Discount

Charles Schwab slashes stock trading fees to $0. Then its shares fell 10%

Wednesday, October 2, 2019 by Snacks

Big summer blowout... Stock trading is 100% off. Online broker Charles Schwab will stop charging $4.95 on stock, options, and ETF trades starting Oct 7th. But the commission-free announcement dropped Chuck's shares 10% — and rival E-Trade fell 14% and TD Ameritrade plummeted 26%. Here's the percentage of all their revenues that come from trade commissions:

  • E-Trade = 16%
  • TD Ameritrade = 25%
  • Charles Schwab = 7% — Chuck's more diversified in how it makes money, so killing a revenue source won't sting as badly.

Back in the day... buying a stock meant yelling into phones and paying a fee that might cost you more than the stock itself. Chuck is betting that sacrificing short-term revenue (the $4.95 it makes today for each trade) will win customer love and make more money long-term.
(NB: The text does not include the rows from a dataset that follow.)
(* Let $C_1$ and $C_2$ be constant-time two-sided error PACAs. Then there are constant-time two-sided error PACAs $C_\cup$ and $C_\cap$ such that $L(C_\cup)=L(C_1)\cup L(C_2)$ and $L(C_\cap)=L(C_1)\cap L(C_2)$.
   Context: PACA: a bounded one-dimensional CA with state set $Q$, input alphabet $\Sigma\subseteq Q$, accepting states $A\subseteq Q$, boundary symbol $\$$ and two local transition functions $\delta_0,\delta_1$; at each step every cell independently tosses a fair coin $c$ and updates by $\delta_c$ applied to its left neighbor, itself and its right neighbor ($\$$ beyond borders). A computation on input $x\in\Sigma^n$ is accepting if at some step all cells are simultaneously in $A$. Time complexity $T$: every accepting computation on inputs of length $n$ first reaches $A^n$ at a step $<T(n)$; constant-time means $T$ is bounded by a constant. A two-sided error PACA $C$ for $L$ accepts every $x\in L$ with probability $\ge2/3$ and every $x\notin L$ with probability $\le1/3$; $L(C)=L$. *)

From HB Require Import structures.
From mathcomp Require Import all_boot all_order all_algebra.
From mathcomp Require Import classical_sets boolp reals Rstruct.
From Stdlib Require Rdefinitions.

Set Implicit Arguments.
Unset Strict Implicit.
Unset Printing Implicit Defensive.

Import Order.TTheory GRing.Theory Num.Theory.
Local Open Scope ring_scope.

(* A PACA over input alphabet Sigma.
   - Q      : finite state set
   - inj    : the inclusion Sigma \subseteq Q (injective)
   - acc    : the set A of accepting states
   - delta b: the local transition function delta_b; a neighbour [None]
              stands for the boundary symbol $. *)
Record PACA (Sigma : finType) := MkPACA {
  Q : finType;
  inj : Sigma -> Q;
  inj_injective : injective inj;
  acc : pred Q;
  delta : bool -> option Q -> Q -> option Q -> Q
}.

Section PACA_semantics.
Variables (Sigma : finType) (C : PACA Sigma).

Definition config (n : nat) := {ffun 'I_n -> Q C}.
Definition coins (n : nat) := {ffun 'I_n -> bool}.

Definition step n (c : coins n) (x : config n) : config n :=
  [ffun i : 'I_n =>
     @delta _ C (c i)
       (if nat_of_ord i == 0%N then None else omap x (insub (nat_of_ord i).-1))
       (x i)
       (omap x (insub (nat_of_ord i).+1))].

Definition init (w : seq Sigma) : config (size w) :=
  [ffun i : 'I_(size w) => @inj _ C (tnth (in_tuple w) i)].

Fixpoint conf n (x0 : config n) (cs : nat -> coins n) (k : nat) : config n :=
  if k is k'.+1 then step (cs k') (conf x0 cs k') else x0.

Definition all_acc n (x : config n) : bool := [forall i, @acc _ C (x i)].

Definition coins_of n t (cs : t.-tuple (coins n)) : nat -> coins n :=
  fun j => nth [ffun => false] cs j.

Definition acc_within (w : seq Sigma) t (cs : t.-tuple (coins (size w))) : bool :=
  [exists k : 'I_t.+1, all_acc (conf (init w) (coins_of cs) k)].

Definition acc_prob_within (w : seq Sigma) (t : nat) : Rdefinitions.R :=
  (#|[pred cs : t.-tuple (coins (size w)) | acc_within cs]|%:R
    / #|{: t.-tuple (coins (size w))}|%:R)%R.

(* probability that the computation on w is accepting (reaches A^n at some
   step): the limit (= supremum) of the increasing probabilities above *)
Definition acc_prob (w : seq Sigma) : Rdefinitions.R :=
  sup [set acc_prob_within w t | t in [set: nat]].

Definition constant_time : Prop :=
  exists T : nat, forall (w : seq Sigma) (cs : nat -> coins (size w)) (k : nat),
    all_acc (conf (init w) cs k) ->
    (forall j, (j < k)%N -> ~~ all_acc (conf (init w) cs j)) ->
    (k < T)%N.

(* C is a two-sided error PACA for L (so L(C) = L) *)
Definition two_sided_for (L : seq Sigma -> Prop) : Prop :=
  forall w : seq Sigma,
    (L w -> (2 / 3 <= acc_prob w)%R) /\ (~ L w -> (acc_prob w <= 1 / 3)%R).

End PACA_semantics.

From HB Require Import structures.
From mathcomp Require Import all_boot all_order all_algebra.
From mathcomp Require Import classical_sets boolp reals Rstruct.
From mathcomp Require Import ring lra zify.

Set Implicit Arguments.
Unset Strict Implicit.
Unset Printing Implicit Defensive.

Import Order.TTheory GRing.Theory Num.Theory.

(* Running C and then D on disjoint segments of the coin sequence inside one
   PACA, whose shared clock afterwards enumerates candidate acceptance times
   of C and D, yields constant-time PACAs accepting with probability p_C p_D
   and p_C + p_D - p_C p_D.  The time bounds make these probabilities ratios of
   finite counts, which factor over the two independent coin segments.
   Combining copies of one PACA in this way realizes the polynomial [amplify],
   which turns an error bound 1/3 into 91/500, and a single [or]/[and] of two
   amplified PACAs keeps the error below 1/3. *)

Section CatTuple.
Variable X : finType.

Lemma cat_tuple_inj a b :
  injective (fun xy : a.-tuple X * b.-tuple X => cat_tuple xy.1 xy.2).
Proof.
move=> [x1 y1] [x2 y2] /= /(congr1 val) /= /eqP.
rewrite eqseq_cat ?size_tuple // => /andP[/eqP e1 /eqP e2].
by congr pair; apply: val_inj.
Qed.

Lemma card_cat_tuple a b (P : {pred (a + b).-tuple X}) :
  #|P| = #|[pred xy : a.-tuple X * b.-tuple X | cat_tuple xy.1 xy.2 \in P]|.
Proof.
have [g _ gf] :
    bijective (fun xy : a.-tuple X * b.-tuple X => cat_tuple xy.1 xy.2).
  apply: inj_card_bij; first exact: cat_tuple_inj.
  by rewrite card_prod !card_tuple expnD.
rewrite -(card_image (@cat_tuple_inj a b)); apply: eq_card => z.
apply/idP/idP => [Pz | /fintype.imageP[xy + ->]]; last by rewrite inE.
by rewrite -[z]gf (fintype.mem_image (@cat_tuple_inj a b)) inE gf.
Qed.

End CatTuple.

Lemma card_coins_gt0 n : 0 < #|coins n|.
Proof. by apply/card_gt0P; exists [ffun=> false]. Qed.

Section Acceptance.
Variables (Sigma : finType) (C : PACA Sigma).

Lemma eq_conf n (x0 : config C n) (cs cs' : nat -> coins n) k :
  (forall j, j < k -> cs j = cs' j) -> conf x0 cs k = conf x0 cs' k.
Proof.
elim: k => [//|k IH] ecs /=.
by rewrite ecs // IH // => j jk; apply/ecs/ltnW.
Qed.
(* Let $p,q\ge2$ and $n\ge1$. If $A\in\Omega_1(p,n)$ and $B\in\Omega_1(q,n)$, then $A\times B\in\Omega_1(p+q-2,n)$.
   Context: Let $I_n=\{1,\dots,n\}$. A $d$-dimensional matrix of order $n$ is a function $I_n^d\to\mathbb R$; write $a_{i_1\cdots i_d}=A(i_1,\dots,i_d)$. A line is the set of positions obtained by varying one coordinate and fixing the others. $\Omega_1(d,n)$ is the set of non-negative $d$-dimensional matrices of order $n$ whose entries in every line sum to $1$. For a $p$-dimensional $A$ and a $q$-dimensional $B$ of order $n$, the product $A\times B$ is the $(p+q-2)$-dimensional matrix of order $n$ with $(A\times B)_{i_1\cdots i_{p+q-2}}=\sum_{j=1}^n a_{i_1\cdots i_{p-1}j}\,b_{j i_p\cdots i_{p+q-2}}$. *)

From mathcomp Require Import all_boot all_order all_algebra.
Set Implicit Arguments. Unset Strict Implicit. Unset Printing Implicit Defensive.
Import Order.TTheory GRing.Theory Num.Theory.
Local Open Scope ring_scope.

(* A d-dimensional matrix of order n over R: a function I_n^d -> R.
   Positions are functions 'I_d -> 'I_n (coordinate k gives i_{k+1}). *)
Definition mxd (R : Type) (d n : nat) := ({ffun 'I_d -> 'I_n} -> R).

Definition setpos d n (i : {ffun 'I_d -> 'I_n}) (k : 'I_d) (j : 'I_n)
  : {ffun 'I_d -> 'I_n} := [ffun l => if l == k then j else i l].

(* Omega_1(d,n): nonnegative, every line sums to 1.  A line is determined by
   a direction k and a position i (whose k-th coordinate is varied). *)
Definition Omega1 (R : numDomainType) d n (A : mxd R d n) : Prop :=
  (forall i, 0 <= A i) /\
  (forall (k : 'I_d) (i : {ffun 'I_d -> 'I_n}),
      \sum_(j < n) A (setpos i k j) = 1).

(* read coordinate m (0-based, as a nat) of a position, default x0 if out of range *)
Definition coord d n (i : {ffun 'I_d -> 'I_n}) (m : nat) (x0 : 'I_n) : 'I_n :=
  odflt x0 (omap i (insub m)).

(* Product A x B of a p-dim A and q-dim B: (p+q-2)-dimensional,
   (A x B)_{i_1..i_{p+q-2}} = sum_j a_{i_1..i_{p-1} j} b_{j i_p .. i_{p+q-2}}.
   With 0-based coordinates: A-index has coordinates i_0..i_{p-2}, j;
   B-index has j, i_{p-1}, .., i_{p+q-3}. *)
Definition mxd_mul (R : pzSemiRingType) (p q n : nat) (A : mxd R p n) (B : mxd R q n)
  : mxd R (p + q - 2) n :=
  fun i => \sum_(j < n)
    (A [ffun k : 'I_p => if (k < p - 1)%N then coord i k j else j] *
     B [ffun k : 'I_q => if k == 0%N :> nat then j else coord i (p - 1 + (k - 1)) j]).

From Pilot Require Import Defs.
From mathcomp Require Import all_boot all_order all_algebra.
From mathcomp Require Import zify.
Set Implicit Arguments. Unset Strict Implicit. Unset Printing Implicit Defensive.
Import Order.TTheory GRing.Theory Num.Theory.
Local Open Scope ring_scope.

(* If k is one of the first p - 1
   coordinates, the sum over k is, for each contracted index j, a line of A,
   hence 1; what remains is the sum of B along its first coordinate, again 1.
   Otherwise k is a coordinate of B and the roles of A and B are swapped. *)

Section Coord.

Variables d n : nat.
Implicit Types (i : {ffun 'I_d -> 'I_n}) (x y t : 'I_n).

Lemma coordE i m x (hm : (m < d)%N) : Defs.coord i m x = i (Ordinal hm).
Proof. by rewrite /Defs.coord insubT. Qed.

Lemma coord_dflt i m x y : (m < d)%N -> Defs.coord i m x = Defs.coord i m y.
Proof. by move=> hm; rewrite !(coordE _ _ hm). Qed.

Lemma coord_setpos i k t m x :
  Defs.coord (setpos i k t) m x = if m == k then t else Defs.coord i m x.
Proof.
rewrite /Defs.coord; case: insubP => [u _ <- /=|/negP out_m]; first by rewrite ffunE.
by case: eqP => // mk; case: out_m; rewrite mk ltn_ord.
Qed.

End Coord.

Section MulPositions.

Variables n p q : nat.
Implicit Types (i : {ffun 'I_(p + q - 2) -> 'I_n}) (k : 'I_(p + q - 2)) (j t : 'I_n).

Definition mul_posl i j : {ffun 'I_p -> 'I_n} :=
  [ffun l : 'I_p => if (l < p - 1)%N then Defs.coord i l j else j].

Definition mul_posr i j : {ffun 'I_q -> 'I_n} :=
  [ffun l : 'I_q => if l == 0%N :> nat then j else Defs.coord i (p - 1 + (l - 1)) j].

Lemma mxd_mulE (R : pzSemiRingType) (A : mxd R p n) (B : mxd R q n) i :
  mxd_mul A B i = \sum_(j < n) A (mul_posl i j) * B (mul_posr i j).
Proof. by []. Qed.

Lemma mul_posl_setpos_low i k t j (kA : 'I_p) :
  kA = k :> nat -> (k < p - 1)%N ->
  mul_posl (setpos i k t) j = setpos (mul_posl i j) kA t.
Proof.
move=> kAk k_low; apply/ffunP => l; rewrite !ffunE coord_setpos -val_eqE /= kAk.
by case: ltnP => l_low; case: eqP => //; lia.
Qed.

Lemma mul_posr_setpos_low i k t j :
  (k < p - 1)%N -> mul_posr (setpos i k t) j = mul_posr i j.
Proof.
move=> k_low; apply/ffunP => l; rewrite !ffunE coord_setpos.
by case: eqP => // lk; rewrite ifF //; apply/eqP; lia.
Qed.

Lemma mul_posl_setpos_high i k t j :
  (p - 1 <= k)%N -> mul_posl (setpos i k t) j = mul_posl i j.
Proof.
move=> k_high; apply/ffunP => l; rewrite !ffunE coord_setpos.
by case: ltnP => // l_low; rewrite ifF //; apply/eqP; lia.
Qed.

Lemma mul_posr_setpos_high i k t j (kB : 'I_q) :
  kB = (k - (p - 1)).+1%N :> nat -> (p - 1 <= k)%N ->
  mul_posr (setpos i k t) j = setpos (mul_posr i j) kB t.
Proof.
move=> kBk k_high; apply/ffunP => l; rewrite !ffunE coord_setpos -val_eqE /= kBk.
case: eqP => [l0 | l_gt0]; first by rewrite ifF //; apply/eqP; lia.
by congr (if _ then _ else _); apply/eqP/eqP; lia.
Qed.

Lemma setpos_mul_posl_last i j (j' : 'I_n) (pA : 'I_p) :
  (0 < q)%N -> pA = (p - 1)%N :> nat -> setpos (mul_posl i j') pA j = mul_posl i j.
Proof.
move=> q_gt0 pAp; apply/ffunP => l; rewrite !ffunE -val_eqE /= pAp.
case: eqP => [-> | /eqP l_ne]; first by rewrite ltnn.
have l_low : (l < p - 1)%N by have := ltn_ord l; lia.
by rewrite l_low; apply: coord_dflt; lia.
Qed.

Lemma setpos_mul_posr_first i j (j' : 'I_n) (oB : 'I_q) :
  (0 < p)%N -> oB = 0%N :> nat -> setpos (mul_posr i j') oB j = mul_posr i j.
Proof.
move=> p_gt0 oB0; apply/ffunP => l; rewrite !ffunE -val_eqE /= oB0.
case: eqP => // /eqP l_gt0; apply: coord_dflt; have := ltn_ord l; lia.
Qed.

End MulPositions.

Definition line_stochastic (R : pzSemiRingType) d n (A : mxd R d n) : Prop :=
  forall (k : 'I_d) (i : {ffun 'I_d -> 'I_n}), \sum_(j < n) A (setpos i k j) = 1.

Section LineStochasticMul.

Variables (R : pzSemiRingType) (n p q : nat) (A : mxd R p n) (B : mxd R q n).
Hypotheses (p_gt0 : (0 < p)%N) (q_gt0 : (0 < q)%N).
Hypotheses (A1 : line_stochastic A) (B1 : line_stochastic B).

Lemma mxd_mul_line_low i (k : 'I_(p + q - 2)) :
  (k < p - 1)%N -> \sum_(t < n) mxd_mul A B (setpos i k t) = 1.
Proof.
move=> k_low; have kA_lt : (k < p)%N by lia.
under eq_bigr do rewrite mxd_mulE.
rewrite exchange_big.
under eq_bigr => j _.
  under eq_bigr do rewrite (mul_posl_setpos_low _ _ _ (kA := Ordinal kA_lt)) //
                           mul_posr_setpos_low //.
  rewrite -mulr_suml A1 mul1r.
  (* [i k] merely supplies some element of ['I_n]; which one is irrelevant. *)
  rewrite -(setpos_mul_posr_first _ _ (i k) (oB := Ordinal q_gt0)) //.
over.
exact: B1.
Qed.

Lemma mxd_mul_line_high i (k : 'I_(p + q - 2)) :
  (p - 1 <= k)%N -> \sum_(t < n) mxd_mul A B (setpos i k t) = 1.
Proof.
move=> k_high; have kB_lt : ((k - (p - 1)).+1 < q)%N by have := ltn_ord k; lia.
have pA_lt : (p - 1 < p)%N by lia.
under eq_bigr do rewrite mxd_mulE.
rewrite exchange_big.
under eq_bigr => j _.
  under eq_bigr do rewrite mul_posl_setpos_high //
                           (mul_posr_setpos_high _ _ _ (kB := Ordinal kB_lt)) //.
  rewrite -mulr_sumr B1 mulr1.
  rewrite -(setpos_mul_posl_last _ _ (i k) (pA := Ordinal pA_lt)) //.
over.
exact: A1.
Qed.

Lemma line_stochastic_mul : line_stochastic (mxd_mul A B).
Proof.
move=> k i; case: (ltnP k (p - 1)); first exact: mxd_mul_line_low.
exact: mxd_mul_line_high.
Qed.

End LineStochasticMul.

Lemma Omega1_mul (R : numDomainType) (n p q : nat) (A : mxd R p n) (B : mxd R q n) :
  (0 < p)%N -> (0 < q)%N -> Omega1 A -> Omega1 B -> Omega1 (mxd_mul A B).
Proof.
move=> p_gt0 q_gt0 [A0 A1] [B0 B1]; split; last exact: line_stochastic_mul.
by move=> i; apply: sumr_ge0 => j _; apply: mulr_ge0.
Qed.

Theorem lemma3p4 (R : realFieldType) (p q n : nat)
  (hp : (2 <= p)%N) (hq : (2 <= q)%N) (hn : (1 <= n)%N)
  (A : mxd R p n) (B : mxd R q n) :
  Omega1 A -> Omega1 B -> Omega1 (mxd_mul A B).
Proof. exact: Omega1_mul (ltnW hp) (ltnW hq). Qed.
But here's our Snackable history of stock trading fees:

  • $49/trade: That was the average trading commission in 1975, when Chuck launched its discount brokerage.
  • $10/trade: The average commission dropped by 2015, triggered by Robinhood's commission-free trading app, which launched in 2013 (full disclosure: Robinhood Snacks... is owned by Robinhood).
THE TAKEAWAY

This is now a price war... and price wars destroy profits. Once a large company starts slashing prices, it can become a price competition among rivals that ends at rock-bottom prices (customers love it. Competition is good.). E-Trade and TD Ameritrade shares fell Tuesday because now they're pressured to join the commission-free battle, too — everyone's profits get wounded in this war.